START INPUT DATA

(* Let $c \in \mathbb{Z}$ and $f_c(x) = x^2+c$. If $-c$ is not a square in $\mathbb{Z}$, then $f_c(f_c(x)) = x^4 + 2cx^2 + c^2 + c$ is irreducible over $\mathbb{Q}$. If $-c$ is a square in $\mathbb{Z}$ and $c \neq 0, -1$, then writing $c = -b^2$ with $b \in \mathbb{Z}$ we have $f_c(f_c(x)) = (x^2 - (b^2 - b))(x^2 - (b^2+b))$, where each of the two quadratic factors is irreducible over $\mathbb{Q}$. *)

From mathcomp Require Import all_boot all_order all_algebra.
Set Implicit Arguments. Unset Strict Implicit. Unset Printing Implicit Defensive.
Import GRing.Theory Num.Theory.
Local Open Scope ring_scope.

Definition fc (c : int) : {poly rat} := 'X^2 + (c%:~R)%:P.

(* A rational root x of f_c(f_c(x)) would make -c = (x^2 + c)^2 a rational,
   hence integral, square.  A factorisation into two quadratics either has the
   shape (X^2 + b)(X^2 + e) with b + e = 2c and be = c^2 + c, which again gives
   -c = (b - c)^2, or has equal constant terms whose square is c^2 + c; but
   c^2 + c lies strictly between two consecutive squares unless c = 0 or -1.
   For c = -b^2 the quadratics X^2 - (b^2 -+ b) are irreducible by the same
   consecutive-squares argument applied to -b and b. *)
From mathcomp Require Import all_boot all_order all_algebra.
From mathcomp Require Import zify ring.
Import GRing.Theory Num.Theory.
Local Open Scope ring_scope.

Lemma sqr_add_self_eq_sqr (c m : int) : c ^+ 2 + c = m ^+ 2 -> c = 0 \/ c = -1.
Proof.
rewrite -(real_normK (num_real m)) !expr2.
have := normr_ge0 m; move: `|m| => {}m m_ge0 E.
have [c_ge1|c_le0] : 1 <= c \/ c <= 0 by lia.
  have : c < m by nia.
  nia.
have [c_le2|] : c <= -2 \/ -1 <= c by lia.
  have : m < - c by nia.
  nia.
lia.
Qed.

Lemma rat_sqr_int (x : rat) (n : int) : x ^+ 2 = n%:~R -> exists m : int, n = m ^+ 2.
Proof.
move=> x2E.
have numE : numq x ^+ 2 = n * denq x ^+ 2.
  by apply: (@intr_inj rat); rewrite !rmorphM /= numqE -x2E; ring.
have numE_nat : (`|numq x| ^ 2 = `|n| * `|denq x| ^ 2)%N by rewrite -!abszX -abszM numE.
have den_dvd : (`|denq x| ^ 2 %| `|numq x| ^ 2)%N by rewrite numE_nat dvdn_mull.
have den_coprime : coprime (`|denq x| ^ 2) (`|numq x| ^ 2).
  by rewrite coprimeXl // coprimeXr // coprime_sym coprime_num_den.
have /eqP den2 : (`|denq x| ^ 2 == 1)%N by rewrite -(gcdn_idPl den_dvd).
have den1 : denq x = 1 by have := denq_gt0 x; move: den2; rewrite -abszX; lia.
by exists (numq x); rewrite numE den1 expr1n mulr1.
Qed.

Section Biquadratic.
Variable F : fieldType.
Implicit Types (p q r : {poly F}) (A B : F).

Lemma irreducible_quartic p : size p = 5%N -> (forall x, ~~ root p x) ->
  (forall q r, size q = 3%N -> size r = 3%N -> p != r * q) -> irreducible_poly p.
Proof.
move=> sp rootN noquad; split=> [|q sq1 qp]; first by rewrite sp.
have p0 : p != 0 by rewrite -size_poly_eq0 sp.
have q0 : q != 0 by apply: contraNneq p0 => q0; move: qp; rewrite q0 dvd0p.
case/dvdpP: (qp) => r pE.
have r0 : r != 0 by apply: contraNneq p0 => r0; rewrite pE r0 mul0r.
have sizes : (size r + size q = 6)%N.
  by move: (size_mul r0 q0); rewrite -pE sp; case: (size r + size q)%N => // n /= <-.
have sq_le : (size q <= 5)%N by rewrite -sp dvdp_leq.
have sq_gt0 : (0 < size q)%N by rewrite size_poly_gt0.
have [sq2|sq2] := eqVneq (size q) 2%N.
  by have [x /(root_dvdp qp)] := poly2_root sq2; rewrite (negbTE (rootN x)).
have [sq4|sq4] := eqVneq (size q) 4%N.
  have [|x rx] := @poly2_root _ r; first by lia.
  by move: (rootN x); rewrite pE rootM rx.
have [sq3|sq3] := eqVneq (size q) 3%N.
  by have /eqP := noquad q r sq3 ltac:(lia).
by rewrite -dvdp_size_eqp // sp; lia.
Qed.

Lemma quadratic_product_coef_system A B s0 s1 s2 t0 t1 t2 :
  s2 * t2 = 1 -> s1 * t2 + s2 * t1 = 0 -> s0 * t2 + s1 * t1 + s2 * t0 = A ->
  s0 * t1 + s1 * t0 = 0 -> s0 * t0 = B ->
  (exists b e, b + e = A /\ b * e = B) \/ (exists b, b ^+ 2 = B).
Proof.
move=> e4 e3 e2 e1 e0.
have s1E : s1 = - (s2 ^+ 2 * t1).
  apply/eqP; rewrite -subr_eq0 opprK.
  have -> : s1 + s2 ^+ 2 * t1 = (s1 * t2 + s2 * t1) * s2 + s1 * (1 - s2 * t2) by ring.
  by rewrite e3 e4 subrr !(mul0r, mulr0, addr0).
have [t1_0|t1N0] := eqVneq t1 0.
  left; exists (s0 * t2), (s2 * t0); split.
    by rewrite -e2 s1E t1_0; ring.
  by rewrite -e0 -[RHS]mulr1 -e4; ring.
right; exists (s0 * t2).
have s0E : s0 = s2 ^+ 2 * t0.
  apply: (mulfI t1N0); apply/eqP; rewrite -subr_eq0.
  have -> : t1 * s0 - t1 * (s2 ^+ 2 * t0) = s0 * t1 + s1 * t0 by rewrite s1E; ring.
  by rewrite e1.
rewrite -e0 s0E; transitivity ((s2 * t2) ^+ 2 * s2 ^+ 2 * t0 ^+ 2); first by ring.
by rewrite e4; ring.
Qed.

Lemma biquadratic_quadratic_factors A B q r : size q = 3%N -> size r = 3%N ->
  'X^4 + A%:P * 'X^2 + B%:P = r * q ->
  (exists b e, b + e = A /\ b * e = B) \/ (exists b, b ^+ 2 = B).
Proof.
move=> sq sr pE.
have coef i : ('X^4 + A%:P * 'X^2 + B%:P)`_i = (r * q)`_i by rewrite pE.
have q_hi i : (3 <= i)%N -> q`_i = 0 by move=> ?; rewrite nth_default ?sq.
have r_hi i : (3 <= i)%N -> r`_i = 0 by move=> ?; rewrite nth_default ?sr.
move: (coef 0%N) (coef 1%N) (coef 2%N) (coef 3%N) (coef 4%N).
rewrite !coefM !big_ord_recr !big_ord0 /= !coefD !coefCM !coefXn !coefC /=.
rewrite /subn /subn_rec /= !(q_hi 3%N, q_hi 4%N, r_hi 3%N, r_hi 4%N) //.
rewrite !(mulr0, mul0r, addr0, add0r, mulr1) => e0 e1 e2 e3 e4.
exact: quadratic_product_coef_system (esym e4) (esym e3) (esym e2) (esym e1) (esym e0).
Qed.

Lemma size_biquadratic A B : size ('X^4 + A%:P * 'X^2 + B%:P : {poly F}) = 5%N.
Proof.
rewrite -addrA size_polyDl size_polyXn // (leq_ltn_trans (size_polyD _ _)) // gtn_max.
rewrite (leq_ltn_trans (size_polyC_leq1 _)) // andbT mul_polyC.
by rewrite (leq_ltn_trans (size_scale_leq _ _)) // size_polyXn.
Qed.

Lemma irreducible_biquadratic A B :
  (forall x, ~~ root ('X^4 + A%:P * 'X^2 + B%:P) x) ->
  ~ (exists b e, b + e = A /\ b * e = B) -> ~ (exists b, b ^+ 2 = B) ->
  irreducible_poly ('X^4 + A%:P * 'X^2 + B%:P).
Proof.
move=> rootN no_sum_prod no_sqrt.
apply: irreducible_quartic => // [|q r sq sr]; first exact: size_biquadratic.
by apply/eqP => /(biquadratic_quadratic_factors _ _ _ _ sq sr) [].
Qed.

End Biquadratic.

Lemma fc_comp_fc (c : int) : fc c \Po fc c =
  'X^4 + (2 * c%:~R)%:P * 'X^2 + ((c%:~R) ^+ 2 + c%:~R : rat)%:P.
Proof. by rewrite /fc comp_polyD comp_polyC !expr2 comp_polyM comp_polyX; ring. Qed.

Lemma irreducible_fc_comp_fc (c : int) :
  ~ (exists m : int, - c = m ^+ 2) -> irreducible_poly (fc c \Po fc c).
Proof.
move=> negc_nsq; set k : rat := c%:~R.
have negc_nsq_rat (y : rat) : y ^+ 2 != - k.
  by apply/eqP; rewrite -rmorphN => /rat_sqr_int.
have rootN x : ~~ root (fc c \Po fc c) x.
  by rewrite /root horner_comp {1}/fc hornerD hornerXn hornerC addr_eq0.
move: rootN; rewrite fc_comp_fc => rootN.
apply: irreducible_biquadratic => //.
- case=> b [e [sum prod]]; move/negP: (negc_nsq_rat (b - k)); apply.
  have -> : (b - k) ^+ 2 = - k + (k ^+ 2 + k - b * e) + b * (b + e - 2 * k) by ring.
  by rewrite sum prod !subrr mulr0 !addr0.
- case=> b b2; have [|m /sqr_add_self_eq_sqr [] c_eq] := @rat_sqr_int b (c ^+ 2 + c).
    by rewrite b2 rmorphD rmorphXn.
  + by apply: negc_nsq; exists 0; rewrite c_eq.
  + by apply: negc_nsq; exists 1; rewrite c_eq.
Qed.

Lemma fc_comp_fc_neg_sqr (b : int) : fc (- b ^+ 2) \Po fc (- b ^+ 2) =
  ('X^2 - ((b ^+ 2 - b)%:~R)%:P) * ('X^2 - ((b ^+ 2 + b)%:~R)%:P).
Proof. by rewrite fc_comp_fc; ring. Qed.

Lemma irreducible_X2_subC (n : int) :
  ~ (exists m : int, n = m ^+ 2) -> irreducible_poly ('X^2 - (n%:~R)%:P : {poly rat}).
Proof.
move=> n_nsq; apply: cubic_irreducible => [|x]; first by rewrite size_XnsubC.
apply/negP; rewrite /root !hornerE subr_eq0 => /eqP /rat_sqr_int.
exact: n_nsq.
Qed.

Theorem proposition2p1 (c : int) :
  ((~ exists m : int, - c = m ^+ 2) ->
     irreducible_poly (fc c \Po fc c)) /\
  ((exists m : int, - c = m ^+ 2) -> c != 0 -> c != -1 ->
     forall b : int, c = - b ^+ 2 ->
       fc c \Po fc c =
         ('X^2 - ((b ^+ 2 - b)%:~R)%:P) * ('X^2 - ((b ^+ 2 + b)%:~R)%:P)
       /\ irreducible_poly ('X^2 - ((b ^+ 2 - b)%:~R)%:P : {poly rat})
       /\ irreducible_poly ('X^2 - ((b ^+ 2 + b)%:~R)%:P : {poly rat})).
Proof.
split=> [|_ c0 c1 b cE]; first exact: irreducible_fc_comp_fc.
split; first by rewrite cE fc_comp_fc_neg_sqr.
split; apply: irreducible_X2_subC => -[m].
- have := @sqr_add_self_eq_sqr (- b) m; rewrite sqrrN => /[apply].
  by move: c0 c1; rewrite cE; lia.
- by move/sqr_add_self_eq_sqr; move: c0 c1; rewrite cE; lia.
Qed.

END INPUT DATA

WHAT TO DO
Copy out only the lines above from the one with "have rootN x : ~~ root (fc c \Po fc c) x." to the one with "Proof. by rewrite fc_comp_fc; ring. Qed.", inclusive, exactly as they stand.

ANSWER SECTION
have rootN x : ~~ root (fc c \Po fc c) x.
  by rewrite /root horner_comp {1}/fc hornerD hornerXn hornerC addr_eq0.
move: rootN; rewrite fc_comp_fc => rootN.
apply: irreducible_biquadratic => //.
- case=> b [e [sum prod]]; move/negP: (negc_nsq_rat (b - k)); apply.
  have -> : (b - k) ^+ 2 = - k + (k ^+ 2 + k - b * e) + b * (b + e - 2 * k) by ring.
  by rewrite sum prod !subrr mulr0 !addr0.
- case=> b b2; have [|m /sqr_add_self_eq_sqr [] c_eq] := @rat_sqr_int b (c ^+ 2 + c).
    by rewrite b2 rmorphD rmorphXn.
  + by apply: negc_nsq; exists 0; rewrite c_eq.
  + by apply: negc_nsq; exists 1; rewrite c_eq.
Qed.

Lemma fc_comp_fc_neg_sqr (b : int) : fc (- b ^+ 2) \Po fc (- b ^+ 2) =
  ('X^2 - ((b ^+ 2 - b)%:~R)%:P) * ('X^2 - ((b ^+ 2 + b)%:~R)%:P).
Proof. by rewrite fc_comp_fc; ring. Qed.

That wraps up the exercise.